In both cases the best strategy to avoid timing errors is use of normal blocking reads and writes. This is the way how audio devices should be used in OSS. There are some situations where the application should be designed for lower latencies than normally or to be able to respond external events (such as keyboard or mouse) without noticeable delays. These special cases will be discussed in this document. This text is based on my 18 years of experience with OSS and applications written for it. However the key observations I have made during just the last couple of years.
Low latencies
All “advanced” audio programmers keep thinking and talking about low latencies. What do low latencies mean and is there really any reason to pay any attention on them?
In general latency means the time difference between writing a sample to the audio device (say /dev/dsp) and the moment when it actually gets played by the device. There will always be some latency when playing or recording digital audio. Sometimes all latencies are bad. Sometimes they don’t matter. Sometimes bigger latencies may even be necessary to avoid playback buffer underruns or recording buffer overruns when the system is under load (say you want to recompile the kernel when listening to some MP3 files). In ALSA’s terminology these underruns and overruns are known as xruns. However the audio subsystem (be it OSS, ALSA or something else) doesn’t matter since these xruns are always caused by slowness of the application or too high (CPU) load of the system.
What does zero latency mean?
First of all zero latencies are impossible. It is possible to push the latencies to just couple of samples but the “laws of physics” make getting zero latencies as impossible as reaching the speed of light. It is not possible to get very low latencies using stock PC (PCI, USB or FireWire) audio hardware without paying too high price in CPU consumption. Typical “PC” hardware is simply not designed for this. The same is true with typical operating systems (like Linux and Unix) that are designed for different kind of purposes.
To push latencies to the bottom you will need to use special computers such as ones build around a DSP chip or a fast enough microcontroller. In addition you will need a DAC/ADC chip that is interfaced with the computer (controller) in proper way. Also the operating system and the application software needs to be designed in proper way.
An ideal system
Let’s focus on playback (recording will work in pretty much identical way). To play digital audio you will need a DAC (Digital to Analog Converter) that converts the samples to analog signal that can be fed to the speakers. The application program runs in a microcontroller and we can assume that there is no operating system involved. The application simply reads and writes the audio hardware registers directly. DAC chips are typically connected to the controller using a serial interface. We will focus on I2S interface but the others (such as AC97 and HDaudio links work in similar way). I2S is a 3-wire interface. The first signal is left/right (L/R) clock which tells if the sample being transferred belongs to the left or right schannel (1=left, 0=right). The frequency of the L/R signal is the sampling rate (which is 48000 Hz in our case). The L/R clock is also known as the word clock. The other signals are data and bit clock. The controller has a transmitter circuit (shift register) that sends the data to the DAC bit by bit. Raising edge on the clock signal is used to latch the bits to the DAC. The clock signal also drives the internal circuits of the DAC. Typically DACs require 64, 128 or 256 clocks to process one sample. For this reason the controller may need to feed extra (zero) bits to the DAC in addition to the actual data.

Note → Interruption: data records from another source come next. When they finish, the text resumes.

(* Let $\Pi$ be a group and let $T$ be a function on $\Pi$ with values in an integral domain whose characteristic is not $2$. Then the following two sets of relations are equivalent: (P): (P1) $T(1)=2$; (P2) $T(g_1g_2)=T(g_2g_1)$; (P3) $T(g_1)T(g_2)T(g_3)+T(g_1g_2g_3)+T(g_1g_3g_2)-T(g_1g_2)T(g_3)-T(g_2g_3)T(g_1)-T(g_1g_3)T(g_2)=0$; (P4) $T(g)^2-T(g^2)=2$, for all $g,g_1,g_2,g_3\in\Pi$; (C): (C1) $T(1)=2$; (C2) $T(g_1)T(g_2)=T(g_1g_2)+T(g_1^{-1}g_2)$, for all $g_1,g_2\in\Pi$. *)

From mathcomp Require Import all_boot all_algebra.
Set Implicit Arguments. Unset Strict Implicit. Unset Printing Implicit Defensive.
Import GRing.Theory.
Local Open Scope ring_scope.

Definition is_group (G : Type) (mul : G -> G -> G) (inv : G -> G) (e : G) : Prop :=
  (forall a b c, mul a (mul b c) = mul (mul a b) c) /\
  (forall a, mul e a = a) /\ (forall a, mul a e = a) /\
  (forall a, mul (inv a) a = e) /\ (forall a, mul a (inv a) = e).

Definition relP (G : Type) (mul : G -> G -> G) (e : G) (R : idomainType)
  (T : G -> R) : Prop :=
  T e = 2 /\
  (forall g1 g2, T (mul g1 g2) = T (mul g2 g1)) /\
  (forall g1 g2 g3,
     T g1 * T g2 * T g3 + T (mul (mul g1 g2) g3) + T (mul (mul g1 g3) g2)
     - T (mul g1 g2) * T g3 - T (mul g2 g3) * T g1 - T (mul g1 g3) * T g2 = 0) /\
  (forall g, T g ^+ 2 - T (mul g g) = 2).

Definition relC (G : Type) (mul : G -> G -> G) (inv : G -> G) (e : G)
  (R : idomainType) (T : G -> R) : Prop :=
  T e = 2 /\
  (forall g1 g2, T g1 * T g2 = T (mul g1 g2) + T (mul (inv g1) g2)).

From mathcomp Require Import all_boot all_algebra.
From mathcomp Require Import ring.
Local Open Scope ring_scope.
Import GRing.Theory.

(* (P) => (C): (P3) at (x b^-1, b, b), simplified with (P4), reads
   2 (T(x b^-1) + T(x b) - T x T b) = 0, and 2 is cancellable; together
   with (P2) this is (C2).
   (C) => (P): (C2) at (a, 1) gives T(a^-1) = T a, hence (P2); (P4) is (C2)
   at (g, g), and (P3) follows by expanding each product of traces with (C2). *)

Section TraceRelations.

Variables (G : Type) (mul : G -> G -> G) (inv : G -> G) (e : G).
Hypothesis Ggrp : is_group mul inv e.

Lemma mulA a b c : mul a (mul b c) = mul (mul a b) c.
Proof. by case: Ggrp. Qed.

Lemma mul1g a : mul e a = a.
Proof. by case: Ggrp => _ []. Qed.

Lemma mulg1 a : mul a e = a.
Proof. by case: Ggrp => _ [_ []]. Qed.

Lemma mulVg a : mul (inv a) a = e.
Proof. by case: Ggrp => _ [_ [_ []]]. Qed.

Lemma mulgV a : mul a (inv a) = e.
Proof. by case: Ggrp => _ [_ [_ []]]. Qed.

Lemma inv_unique a b : mul a b = e -> b = inv a.
Proof. by move=> ab1; rewrite -[b]mul1g -(mulVg a) -mulA ab1 mulg1. Qed.

Lemma invgK a : inv (inv a) = a.
Proof. by rewrite -(@inv_unique (inv a) a (mulVg a)). Qed.

Lemma invMg a b : inv (mul a b) = mul (inv b) (inv a).
Proof.
by symmetry; apply: inv_unique; rewrite mulA -(mulA a b) mulgV mulg1 mulgV.
Qed.

Lemma mulgVK a b : mul (mul a (inv b)) b = a.
Proof. by rewrite -mulA mulVg mulg1. Qed.

Variables (R : idomainType) (T : G -> R).

Lemma relP_trace_mulV :
  (2 : R) != 0 -> relP mul e T ->
  forall x b, T (mul x (inv b)) + T (mul x b) = T x * T b.
Proof.
move=> two_neq0 [_ [_ [P3 P4]]] x b.
have := P3 (mul x (inv b)) b b.
rewrite mulgVK (_ : T (mul b b) = T b ^+ 2 - 2); last by rewrite -(P4 b); ring.
move=> P3b; apply/eqP; rewrite -subr_eq0.
rewrite -(mulIr_eq0 _ (mulIf two_neq0)) -P3b; apply/eqP; ring.
Qed.

Lemma relP_relC : (2 : R) != 0 -> relP mul e T -> relC mul inv e T.
Proof.
move=> two_neq0 PT; have [Te [P2 _]] := PT; split=> // g1 g2.
by rewrite mulrC -(relP_trace_mulV two_neq0 PT) (P2 g2) (P2 g2) addrC.
Qed.

Section FromRelC.

Hypothesis CT : relC mul inv e T.

Lemma relC_trace_inv a : T (inv a) = T a.
Proof.
have [Te C2] := CT; have := C2 a e.
rewrite Te !mulg1 => C2a; apply: (addrI (T a)); rewrite -C2a; ring.
Qed.

Lemma relC_traceC g1 g2 : T (mul g1 g2) = T (mul g2 g1).
Proof.
have [_ C2] := CT; have := C2 g2 g1.
rewrite -[T (mul (inv g2) g1)]relC_trace_inv invMg invgK mulrC C2.
exact: addIr.
Qed.

Lemma relC_cubic g1 g2 g3 :
  T g1 * T g2 * T g3 + T (mul (mul g1 g2) g3) + T (mul (mul g1 g3) g2)
  - T (mul g1 g2) * T g3 - T (mul g2 g3) * T g1 - T (mul g1 g3) * T g2 = 0.
Proof.
have [_ C2] := CT.
rewrite (C2 g1 g2) mulrDl (C2 (mul (inv g1) g2)) invMg invgK.
rewrite [T (mul g2 g3) * _]mulrC (C2 g1) [T (mul g1 g3) * _]mulrC (C2 g2).
by rewrite (relC_traceC g2 (mul g1 g3)) !mulA; ring.
Qed.

Lemma relC_relP : relP mul e T.
Proof.
have [Te C2] := CT; split=> //; split; first exact: relC_traceC.
split; first exact: relC_cubic.
by move=> g; rewrite expr2 C2 mulVg Te addrAC subrr add0r.
Qed.

End FromRelC.

End TraceRelations.

Theorem lemma3p2p2 (G : Type) (mul : G -> G -> G) (inv : G -> G) (e : G)
  (R : idomainType) (T : G -> R) :
  is_group mul inv e -> (2 : R) != 0 ->
  (relP mul e T <-> relC mul inv e T).
Proof.
move=> Ggrp two_neq0; split; first exact: relP_relC.
exact: relC_relP.
Qed.
Definition child (s : node) (k : nat) : nat :=
  if beta (proj1_sig s ++ [k]) =? 0 then k else some_child s.

Lemma child_spec s k : beta (proj1_sig s ++ [child s k]) = 0.
Proof.
  unfold child. destruct (Nat.eqb_spec (beta (proj1_sig s ++ [k])) 0) as [E|_]; [exact E|].
  unfold some_child. now destruct constructive_indefinite_ground_description_nat.
Qed.

Fixpoint retract_node (a : baire) (n : nat) : node :=
  match n with
  | 0 => exist _ [] beta_nil
  | S n => let s := retract_node a n in
           exist _ (proj1_sig s ++ [child s (a n)]) (child_spec s (a n))
  end.

Definition retract (a : baire) : baire := fun n => child (retract_node a n) (a n).

Lemma prefix_retract a n : prefix (retract a) n = proj1_sig (retract_node a n).
Proof. induction n as [|n IH]; [reflexivity|]. simpl. now rewrite IH. Qed.

Lemma retract_inF a : inF beta (retract a).
Proof. intros n. rewrite prefix_retract. apply proj2_sig. Qed.

Lemma retract_fixes a : inF beta a -> seq_eq (retract a) a.
Proof.
  intros Ha.
  assert (Hpre : forall n, prefix (retract a) n = prefix a n).
  { induction n as [|n IH]; [reflexivity|]. simpl. rewrite IH. do 2 f_equal.
    unfold retract, child. rewrite <- (prefix_retract a n), IH.
    change (prefix a n ++ [a n]) with (prefix a (S n)). now rewrite (Ha (S n)). }
  intros n. apply (prefix_eq_agree _ _ (S n) (Hpre (S n))). lia.
Qed.

Definition isolated (g : baire) (m : nat) : Prop :=
  forall w, inF beta w -> prefix w m = prefix g m -> seq_eq w g.

Lemma isolated_ext g g' m : seq_eq g g' -> isolated g m -> isolated g' m.
Proof.
  intros E Hg w Hw Hwm. assert (Hwg : seq_eq w g).
  { apply Hg; auto. rewrite Hwm. apply prefix_ext. intros i _. symmetry. apply E. }
  intros n. now rewrite Hwg.
Qed.

Lemma decidable_isolated (bcp : BCP) g :
  inF beta g -> Dx (inF beta) g -> exists m, isolated g m.
Proof.
  intros Hg Dg.
  destruct (bcp_disjunction bcp (fun d => seq_eq g (retract d))
              (fun d => ~ seq_eq g (retract d))) with (a := g) as [m [Hnear|Hnear]].
  { intros d. apply Dg, retract_inF. }
  - exists m. intros w Hw Hwm n.
    rewrite <- (retract_fixes w Hw n). symmetry. exact (Hnear w Hwm n).
  - exfalso. apply (Hnear g eq_refl). intros n. symmetry. apply retract_fixes, Hg.
Qed.

End Retraction.

Definition scons (p : nat) (a : baire) : baire :=
  fun n => match n with 0 => p | S k => a k end.

Definition tail (c : baire) : baire := fun n => c (S n).

Definition first_nonzero (psi : list nat -> nat) (c : baire) (t : nat) : bool :=
  negb (psi (prefix c t) =? 0) && negb (bexists t (fun t' => negb (psi (prefix c t') =? 0))).

Lemma fval_first_nonzero psi c t :
  first_nonzero psi c t = true -> fval psi c (psi (prefix c t) - 1).
Proof.
  unfold first_nonzero. rewrite andb_true_iff, !negb_true_iff. intros [Hnz Hbefore].
  exists t. split; [now apply Nat.eqb_neq|split; [|reflexivity]].
  intros t' Ht'. apply Nat.eqb_eq, negb_false_iff, (proj1 (bexists_false _ _) Hbefore t' Ht').
Qed.

Lemma first_nonzero_exists psi c t :
  psi (prefix c t) <> 0 -> exists t', first_nonzero psi c t' = true.
Proof.
  intros Ht. destruct (least_true (fun t => negb (psi (prefix c t) =? 0)) t) as [t' [H1 H2]].
  - now apply negb_true_iff, Nat.eqb_neq.
  - exists t'. unfold first_nonzero. now rewrite H1, H2.
Qed.

Lemma first_nonzero_causal psi c c' t :
  prefix c t = prefix c' t -> first_nonzero psi c t = first_nonzero psi c' t.
Proof.
  intros E. unfold first_nonzero. rewrite E. do 2 f_equal.
  apply bexists_ext. intros t' Ht'. now rewrite (prefix_eq_le c c' t' t) by (lia || exact E).
Qed.

Fixpoint list_code (s : list nat) : nat :=
  match s with
  | [] => 0
  | a :: s => S (to_nat (a, list_code s))
  end.

Lemma to_nat_inj p q : to_nat p = to_nat q -> p = q.
Proof. intros E. now rewrite <- (cancel_of_to p), <- (cancel_of_to q), E. Qed.

Lemma list_code_inj s s' : list_code s = list_code s' -> s = s'.
Proof.
  revert s'. induction s as [|a s IH]; intros [|a' s'] E; try discriminate; [reflexivity|].
  apply Nat.succ_inj, to_nat_inj in E. injection E as -> E. now rewrite (IH s' E).
Qed.
Lemma laxU_span X Y (z : Mor ∅ (tensO X Y)) :
  exists s : seq (Mor ∅ X * Mor ∅ Y), I1 ev (z - \sum_(p <- s) laxU p.1 p.2).
Proof.
pose P z := exists s : seq (Mor ∅ X * Mor ∅ Y), I1 ev (z - \sum_(p <- s) laxU p.1 p.2).
have P0 : P 0 by exists [::]; rewrite big_nil subr0; apply: I1_0.
have P_linear k x y : P x -> P y -> P (k *: x + y).
  move=> [s Is] [s' Is']; exists ([seq (k *: p.1, p.2) | p <- s] ++ s').
  rewrite big_cat big_map /=.
  under eq_bigr do rewrite (linear_forZ (laxU_linearl _)) /=.
  rewrite -scaler_sumr opprD addrACA -scalerBr.
  exact: I1_linear.
have [M [q [q_lin q0]]] := exists_linear_kernel P0 P_linear.
have [|||| psi [_ _ _ psi_unique]] := @laxU_univ X Y M (fun _ _ => 0);
  try by move=> *; rewrite ?scaler0 ?addr0.
have q_psi : forall w, q w = psi w.
  apply: psi_unique => [//|w Iw|x y]; apply/q0.
  - by exists [::]; rewrite big_nil subr0.
  - by exists [:: (x, y)]; rewrite big_seq1 subrr; apply: I1_0.
have zero_psi : forall w, 0 = psi w by apply: psi_unique => // *; rewrite scaler0 addr0.
by apply/q0; rewrite q_psi -zero_psi.
Qed.

Lemma unbend_laxU W W' (a : Mor ∅ W') (c : Mor ∅ (dualO W)) :
  unbend (laxU a c) = a ⊙ unbend (laxU (idm ∅) c).
Proof.
rewrite -unbend_natural; congr unbend; rewrite /laxU !castE; idcast_norm.
by rewrite tens_comp_chain compm1 comp1m.
Qed.

Lemma decompose_mod_negligible W W' (S : Mor W W') :
  exists (s : seq (Mor ∅ W' * Mor W ∅)) (u : Mor ∅ (tensO W' (dualO W))),
    negligible u /\ S = \sum_(p <- s) (p.1 ⊙ p.2) + unbend u.
Proof.
have [s Is] := laxU_span ((S ⊗ idm (dualO W)) ⊙ coev W).
exists [seq (p.1, unbend (laxU (idm ∅) p.2)) | p <- s].
exists (((S ⊗ idm _) ⊙ coev W) - \sum_(p <- s) laxU p.1 p.2).
split; first exact: I1_negligible.
rewrite (linear_forB (@unbend_linear W W')) (linear_for_sum (@unbend_linear W W')).
rewrite unbend_natural unbend_coev compm1 big_map /=.
by rewrite [X in _ - X](eq_bigr _ (fun p _ => unbend_laxU p.1 p.2)) addrC subrK.
Qed.

Lemma unbend_comp_I1 V W W' (u : Mor ∅ (tensO W' (dualO W))) (B : Mor V W) :
  negligible u -> I1 ev (unbend u ⊙ B).
Proof.
move=> Nu; have := negligible_tens_I1
  (idcast (tens1r W') ⊙ (idm W' ⊗ evm W) ⊙ idcast (tensA W' (dualO W) W))
  (idcast (esym (tens1l W)) ⊙ B) Nu.
by rewrite /unbend !compA.
Qed.

Lemma propM'_holds : propM' ev.
Proof.
move=> W W' S; have [s [u [Nu ->]]] := decompose_mod_negligible S.
pose p0 := (0 : Mor ∅ W', 0 : Mor W ∅).
exists (size s), (fun i => (nth p0 s i).1), (fun i => (nth p0 s i).2).
have -> : \sum_(i < size s) ((nth p0 s i).1 ⊙ (nth p0 s i).2) = \sum_(p <- s) (p.1 ⊙ p.2).
  by rewrite (big_nth p0) big_mkord.
by rewrite addrC addKr -[unbend u]compm1; apply: unbend_comp_I1.
Qed.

The DAC chip itself will cause some latencies. For each sample period it’s outputting the analog value of one sample. At the same time it is receiving a new sample over the I2S link. There may be additional processing steps that all require one sample pereiod. This gives a pipeline that is 2 to few samples deep. The controller in turn is sending one sample over its serial link. It probably needs another sample waiting in the registers for the moment when the previous one has been sent. The application is computing yet another sample and also it may need another (already computed) sample that is ready to be written to the audio controller registers. The result is that even in the optimum case it will take 2 to N sample (L/R clock) periods before the actual signal can be heard from the speakers. So the conclusion is that obtaining truly zero latencies is impossible.
A dedicated audio controller/DSP chip can have lightning fast interrupt response times so the application can be woken up to write a new sample in no time. The application can also busy wait in monitoring the status bits of the audio interface so that no interrupts are required.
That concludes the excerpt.